Saved entries
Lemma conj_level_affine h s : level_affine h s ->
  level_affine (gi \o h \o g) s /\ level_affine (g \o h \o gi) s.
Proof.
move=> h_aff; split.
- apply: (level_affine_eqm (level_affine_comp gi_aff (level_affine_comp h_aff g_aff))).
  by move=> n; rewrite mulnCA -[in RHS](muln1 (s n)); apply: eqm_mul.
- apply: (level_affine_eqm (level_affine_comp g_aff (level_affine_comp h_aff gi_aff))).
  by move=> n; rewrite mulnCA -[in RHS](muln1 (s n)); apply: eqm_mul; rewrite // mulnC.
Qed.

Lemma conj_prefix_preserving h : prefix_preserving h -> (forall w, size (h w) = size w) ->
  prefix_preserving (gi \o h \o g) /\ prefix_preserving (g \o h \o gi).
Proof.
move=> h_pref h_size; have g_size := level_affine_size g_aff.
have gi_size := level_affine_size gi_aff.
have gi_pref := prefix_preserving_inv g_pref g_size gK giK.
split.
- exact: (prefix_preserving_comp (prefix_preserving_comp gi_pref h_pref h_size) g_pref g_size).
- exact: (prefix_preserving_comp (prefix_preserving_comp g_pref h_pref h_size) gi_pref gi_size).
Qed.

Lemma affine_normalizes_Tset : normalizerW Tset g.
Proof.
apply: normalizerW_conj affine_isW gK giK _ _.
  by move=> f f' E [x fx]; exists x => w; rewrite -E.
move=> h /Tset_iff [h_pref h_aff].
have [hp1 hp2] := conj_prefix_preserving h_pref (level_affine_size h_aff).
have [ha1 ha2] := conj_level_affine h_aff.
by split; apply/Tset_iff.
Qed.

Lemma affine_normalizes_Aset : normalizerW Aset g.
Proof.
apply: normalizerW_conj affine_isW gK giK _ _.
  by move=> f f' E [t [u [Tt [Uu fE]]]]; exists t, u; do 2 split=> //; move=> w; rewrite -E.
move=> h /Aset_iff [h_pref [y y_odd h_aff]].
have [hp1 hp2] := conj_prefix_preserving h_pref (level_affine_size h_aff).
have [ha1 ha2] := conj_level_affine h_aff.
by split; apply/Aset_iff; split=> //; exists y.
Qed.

* * *

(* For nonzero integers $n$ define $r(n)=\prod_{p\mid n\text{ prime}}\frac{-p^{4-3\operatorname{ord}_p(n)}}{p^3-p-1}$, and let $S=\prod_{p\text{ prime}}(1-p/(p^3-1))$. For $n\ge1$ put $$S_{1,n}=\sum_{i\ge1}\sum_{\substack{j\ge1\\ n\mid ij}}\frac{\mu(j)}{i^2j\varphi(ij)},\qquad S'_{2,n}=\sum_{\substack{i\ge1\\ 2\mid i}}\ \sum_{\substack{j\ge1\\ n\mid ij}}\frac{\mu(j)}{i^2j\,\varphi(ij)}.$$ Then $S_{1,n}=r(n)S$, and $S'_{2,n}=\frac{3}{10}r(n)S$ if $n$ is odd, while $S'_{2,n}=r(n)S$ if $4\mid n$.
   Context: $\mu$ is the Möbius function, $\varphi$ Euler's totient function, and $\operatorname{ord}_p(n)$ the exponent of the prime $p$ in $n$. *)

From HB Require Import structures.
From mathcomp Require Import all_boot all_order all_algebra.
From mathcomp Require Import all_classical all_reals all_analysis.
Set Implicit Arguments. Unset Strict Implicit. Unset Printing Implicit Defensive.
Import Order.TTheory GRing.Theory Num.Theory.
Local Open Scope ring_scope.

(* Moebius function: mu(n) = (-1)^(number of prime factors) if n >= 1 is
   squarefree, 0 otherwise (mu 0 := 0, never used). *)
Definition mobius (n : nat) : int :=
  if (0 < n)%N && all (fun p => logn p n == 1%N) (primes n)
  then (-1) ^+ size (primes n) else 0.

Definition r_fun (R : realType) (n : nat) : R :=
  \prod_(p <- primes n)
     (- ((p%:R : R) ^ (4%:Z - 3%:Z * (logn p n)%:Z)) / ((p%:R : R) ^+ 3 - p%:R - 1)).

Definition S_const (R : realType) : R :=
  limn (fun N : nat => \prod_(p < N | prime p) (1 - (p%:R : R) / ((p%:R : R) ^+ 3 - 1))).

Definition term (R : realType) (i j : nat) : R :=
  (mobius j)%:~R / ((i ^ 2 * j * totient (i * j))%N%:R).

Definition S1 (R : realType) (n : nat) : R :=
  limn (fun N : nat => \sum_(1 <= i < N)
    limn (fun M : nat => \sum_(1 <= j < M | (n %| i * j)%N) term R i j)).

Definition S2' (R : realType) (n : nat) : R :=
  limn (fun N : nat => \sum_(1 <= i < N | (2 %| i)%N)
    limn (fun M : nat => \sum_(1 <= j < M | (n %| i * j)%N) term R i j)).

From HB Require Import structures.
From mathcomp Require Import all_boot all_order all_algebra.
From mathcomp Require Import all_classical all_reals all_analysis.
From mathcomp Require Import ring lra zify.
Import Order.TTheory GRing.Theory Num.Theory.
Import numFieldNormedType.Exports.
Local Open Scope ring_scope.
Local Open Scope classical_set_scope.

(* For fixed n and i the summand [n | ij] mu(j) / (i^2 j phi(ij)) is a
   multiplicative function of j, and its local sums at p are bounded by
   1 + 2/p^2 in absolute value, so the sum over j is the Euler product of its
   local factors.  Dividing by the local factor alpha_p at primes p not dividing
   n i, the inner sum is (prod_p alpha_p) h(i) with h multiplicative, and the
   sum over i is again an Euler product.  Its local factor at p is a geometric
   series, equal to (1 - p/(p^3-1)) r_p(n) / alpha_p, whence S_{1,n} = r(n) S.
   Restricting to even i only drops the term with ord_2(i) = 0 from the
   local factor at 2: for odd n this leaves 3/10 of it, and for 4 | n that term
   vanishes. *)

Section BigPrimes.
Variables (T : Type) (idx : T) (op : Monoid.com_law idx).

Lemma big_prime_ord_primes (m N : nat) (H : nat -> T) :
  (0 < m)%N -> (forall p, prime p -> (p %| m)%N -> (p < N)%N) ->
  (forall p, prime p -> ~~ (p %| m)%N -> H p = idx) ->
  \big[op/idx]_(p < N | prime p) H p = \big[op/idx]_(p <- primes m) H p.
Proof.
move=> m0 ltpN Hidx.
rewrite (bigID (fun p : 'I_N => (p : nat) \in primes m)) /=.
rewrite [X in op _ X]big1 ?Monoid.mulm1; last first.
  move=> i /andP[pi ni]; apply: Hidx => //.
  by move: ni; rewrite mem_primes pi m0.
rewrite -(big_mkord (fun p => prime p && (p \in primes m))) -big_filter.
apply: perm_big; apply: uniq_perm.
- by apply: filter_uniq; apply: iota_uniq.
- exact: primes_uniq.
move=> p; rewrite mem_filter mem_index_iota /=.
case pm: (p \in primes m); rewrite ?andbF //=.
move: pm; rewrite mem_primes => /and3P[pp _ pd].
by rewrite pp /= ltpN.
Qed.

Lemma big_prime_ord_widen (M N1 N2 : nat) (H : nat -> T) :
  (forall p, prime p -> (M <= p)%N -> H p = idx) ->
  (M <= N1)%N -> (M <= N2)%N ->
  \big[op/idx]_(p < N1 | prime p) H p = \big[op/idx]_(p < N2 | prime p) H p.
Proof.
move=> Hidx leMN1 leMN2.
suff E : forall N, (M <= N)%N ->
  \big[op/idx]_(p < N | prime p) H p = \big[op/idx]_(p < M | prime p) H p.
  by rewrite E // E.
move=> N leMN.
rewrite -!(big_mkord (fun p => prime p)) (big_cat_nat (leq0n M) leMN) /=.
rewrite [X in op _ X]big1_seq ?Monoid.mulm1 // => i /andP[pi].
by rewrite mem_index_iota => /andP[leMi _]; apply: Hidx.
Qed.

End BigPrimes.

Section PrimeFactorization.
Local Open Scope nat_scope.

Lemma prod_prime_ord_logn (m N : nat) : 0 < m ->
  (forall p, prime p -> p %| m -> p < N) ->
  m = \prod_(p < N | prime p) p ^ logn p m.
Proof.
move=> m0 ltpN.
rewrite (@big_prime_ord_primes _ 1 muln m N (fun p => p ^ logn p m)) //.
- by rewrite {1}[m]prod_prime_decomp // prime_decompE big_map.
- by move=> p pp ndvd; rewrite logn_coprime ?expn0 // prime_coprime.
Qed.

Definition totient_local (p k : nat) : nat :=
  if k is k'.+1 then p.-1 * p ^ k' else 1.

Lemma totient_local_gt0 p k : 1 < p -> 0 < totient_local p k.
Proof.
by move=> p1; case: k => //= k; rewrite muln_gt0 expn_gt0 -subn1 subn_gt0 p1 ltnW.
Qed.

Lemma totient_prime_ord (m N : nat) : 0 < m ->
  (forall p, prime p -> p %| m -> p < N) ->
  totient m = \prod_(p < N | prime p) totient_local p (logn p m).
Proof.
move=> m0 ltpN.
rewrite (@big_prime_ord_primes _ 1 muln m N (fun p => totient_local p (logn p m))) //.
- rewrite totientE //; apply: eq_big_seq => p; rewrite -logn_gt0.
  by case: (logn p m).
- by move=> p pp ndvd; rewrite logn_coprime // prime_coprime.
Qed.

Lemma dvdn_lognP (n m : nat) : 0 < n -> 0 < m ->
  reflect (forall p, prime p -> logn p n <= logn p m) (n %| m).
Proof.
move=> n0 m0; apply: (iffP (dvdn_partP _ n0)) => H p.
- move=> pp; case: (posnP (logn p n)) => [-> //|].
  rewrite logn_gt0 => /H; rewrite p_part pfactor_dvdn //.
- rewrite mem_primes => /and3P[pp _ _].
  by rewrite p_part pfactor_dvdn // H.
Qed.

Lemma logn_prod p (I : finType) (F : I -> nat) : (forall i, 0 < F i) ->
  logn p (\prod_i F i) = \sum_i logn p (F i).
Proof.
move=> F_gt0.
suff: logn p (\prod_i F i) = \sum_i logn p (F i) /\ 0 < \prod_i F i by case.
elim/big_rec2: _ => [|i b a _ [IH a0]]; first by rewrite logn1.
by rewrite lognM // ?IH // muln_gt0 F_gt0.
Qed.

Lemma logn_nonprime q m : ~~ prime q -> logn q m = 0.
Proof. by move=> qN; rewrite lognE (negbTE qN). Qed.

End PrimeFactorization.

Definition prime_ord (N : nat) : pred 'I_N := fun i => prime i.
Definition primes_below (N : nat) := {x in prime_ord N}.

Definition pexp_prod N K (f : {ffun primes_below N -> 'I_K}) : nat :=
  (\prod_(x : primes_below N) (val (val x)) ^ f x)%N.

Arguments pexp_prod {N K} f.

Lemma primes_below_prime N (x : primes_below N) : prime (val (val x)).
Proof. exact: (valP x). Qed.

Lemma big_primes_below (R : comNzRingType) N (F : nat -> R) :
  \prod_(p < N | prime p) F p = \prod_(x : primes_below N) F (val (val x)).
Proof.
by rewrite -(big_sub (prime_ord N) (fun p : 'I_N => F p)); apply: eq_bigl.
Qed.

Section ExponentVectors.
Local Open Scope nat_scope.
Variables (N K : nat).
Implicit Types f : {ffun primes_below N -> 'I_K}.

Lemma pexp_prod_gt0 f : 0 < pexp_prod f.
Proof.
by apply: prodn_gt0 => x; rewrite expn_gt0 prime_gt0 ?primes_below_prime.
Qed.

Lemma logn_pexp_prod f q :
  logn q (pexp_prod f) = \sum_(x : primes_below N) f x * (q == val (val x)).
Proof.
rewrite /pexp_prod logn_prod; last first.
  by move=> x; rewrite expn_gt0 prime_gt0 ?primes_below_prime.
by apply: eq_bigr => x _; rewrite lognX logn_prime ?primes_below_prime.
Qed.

==

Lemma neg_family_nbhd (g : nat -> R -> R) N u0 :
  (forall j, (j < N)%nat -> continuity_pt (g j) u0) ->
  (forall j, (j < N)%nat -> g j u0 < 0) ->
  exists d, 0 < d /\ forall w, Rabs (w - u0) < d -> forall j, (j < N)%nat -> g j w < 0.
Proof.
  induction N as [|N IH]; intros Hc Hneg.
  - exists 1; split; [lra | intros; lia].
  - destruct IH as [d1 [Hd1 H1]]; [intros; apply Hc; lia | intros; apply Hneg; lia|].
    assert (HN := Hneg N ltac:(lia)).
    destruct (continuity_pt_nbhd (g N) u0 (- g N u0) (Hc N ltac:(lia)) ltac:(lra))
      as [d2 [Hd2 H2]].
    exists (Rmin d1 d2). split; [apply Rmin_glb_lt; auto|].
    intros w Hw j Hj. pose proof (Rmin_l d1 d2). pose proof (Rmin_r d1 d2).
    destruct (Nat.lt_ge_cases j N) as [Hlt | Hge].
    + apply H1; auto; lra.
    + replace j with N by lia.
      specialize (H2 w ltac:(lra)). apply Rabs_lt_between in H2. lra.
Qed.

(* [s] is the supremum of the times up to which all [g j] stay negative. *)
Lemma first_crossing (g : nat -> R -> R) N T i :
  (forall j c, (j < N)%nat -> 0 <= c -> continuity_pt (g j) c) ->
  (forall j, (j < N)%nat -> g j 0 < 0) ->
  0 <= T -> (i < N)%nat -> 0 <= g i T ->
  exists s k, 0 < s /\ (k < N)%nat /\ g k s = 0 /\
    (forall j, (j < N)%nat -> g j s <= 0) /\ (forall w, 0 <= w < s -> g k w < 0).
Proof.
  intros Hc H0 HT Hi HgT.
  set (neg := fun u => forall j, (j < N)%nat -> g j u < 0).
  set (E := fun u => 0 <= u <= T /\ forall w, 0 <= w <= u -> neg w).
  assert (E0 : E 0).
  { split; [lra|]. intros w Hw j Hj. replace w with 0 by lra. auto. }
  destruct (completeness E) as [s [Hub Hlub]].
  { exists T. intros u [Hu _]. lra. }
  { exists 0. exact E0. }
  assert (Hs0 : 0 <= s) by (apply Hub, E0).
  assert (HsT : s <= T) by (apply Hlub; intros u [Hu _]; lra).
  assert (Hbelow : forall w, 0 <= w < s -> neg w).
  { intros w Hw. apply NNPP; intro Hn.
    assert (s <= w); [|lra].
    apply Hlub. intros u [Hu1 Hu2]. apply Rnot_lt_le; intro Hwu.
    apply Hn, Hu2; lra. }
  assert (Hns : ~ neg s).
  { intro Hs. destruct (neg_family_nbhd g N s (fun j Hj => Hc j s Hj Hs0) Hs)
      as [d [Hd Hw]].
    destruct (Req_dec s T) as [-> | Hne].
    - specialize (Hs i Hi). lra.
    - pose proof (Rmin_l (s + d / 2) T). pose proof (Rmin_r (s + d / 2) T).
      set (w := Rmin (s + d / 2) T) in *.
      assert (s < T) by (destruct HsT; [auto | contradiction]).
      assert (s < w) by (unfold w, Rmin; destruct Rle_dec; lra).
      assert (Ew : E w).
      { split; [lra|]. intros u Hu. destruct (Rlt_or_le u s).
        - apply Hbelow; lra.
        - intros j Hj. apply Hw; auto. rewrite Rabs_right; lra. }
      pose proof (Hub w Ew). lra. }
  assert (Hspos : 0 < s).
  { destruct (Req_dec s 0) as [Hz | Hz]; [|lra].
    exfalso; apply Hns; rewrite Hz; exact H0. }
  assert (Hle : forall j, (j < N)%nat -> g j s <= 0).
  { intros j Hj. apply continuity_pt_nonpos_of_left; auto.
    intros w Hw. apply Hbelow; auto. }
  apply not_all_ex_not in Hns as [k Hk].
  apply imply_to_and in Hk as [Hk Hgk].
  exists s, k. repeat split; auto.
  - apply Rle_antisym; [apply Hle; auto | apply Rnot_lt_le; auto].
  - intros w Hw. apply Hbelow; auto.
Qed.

Exercise aim:
Among the entries above, copy exactly only the lines starting with the one containing "Lemma conj_level_affine h" and going through the one containing "move=> h /Aset_iff [h_pref [y y_odd h_aff]].", both ends included.

Your response:
Lemma conj_level_affine h s : level_affine h s ->
  level_affine (gi \o h \o g) s /\ level_affine (g \o h \o gi) s.
Proof.
move=> h_aff; split.
- apply: (level_affine_eqm (level_affine_comp gi_aff (level_affine_comp h_aff g_aff))).
  by move=> n; rewrite mulnCA -[in RHS](muln1 (s n)); apply: eqm_mul.
- apply: (level_affine_eqm (level_affine_comp g_aff (level_affine_comp h_aff gi_aff))).
  by move=> n; rewrite mulnCA -[in RHS](muln1 (s n)); apply: eqm_mul; rewrite // mulnC.
Qed.

Lemma conj_prefix_preserving h : prefix_preserving h -> (forall w, size (h w) = size w) ->
  prefix_preserving (gi \o h \o g) /\ prefix_preserving (g \o h \o gi).
Proof.
move=> h_pref h_size; have g_size := level_affine_size g_aff.
have gi_size := level_affine_size gi_aff.
have gi_pref := prefix_preserving_inv g_pref g_size gK giK.
split.
- exact: (prefix_preserving_comp (prefix_preserving_comp gi_pref h_pref h_size) g_pref g_size).
- exact: (prefix_preserving_comp (prefix_preserving_comp g_pref h_pref h_size) gi_pref gi_size).
Qed.

Lemma affine_normalizes_Tset : normalizerW Tset g.
Proof.
apply: normalizerW_conj affine_isW gK giK _ _.
  by move=> f f' E [x fx]; exists x => w; rewrite -E.
move=> h /Tset_iff [h_pref h_aff].
have [hp1 hp2] := conj_prefix_preserving h_pref (level_affine_size h_aff).
have [ha1 ha2] := conj_level_affine h_aff.
by split; apply/Tset_iff.
Qed.

Lemma affine_normalizes_Aset : normalizerW Aset g.
Proof.
apply: normalizerW_conj affine_isW gK giK _ _.
  by move=> f f' E [t [u [Tt [Uu fE]]]]; exists t, u; do 2 split=> //; move=> w; rewrite -E.
move=> h /Aset_iff [h_pref [y y_odd h_aff]].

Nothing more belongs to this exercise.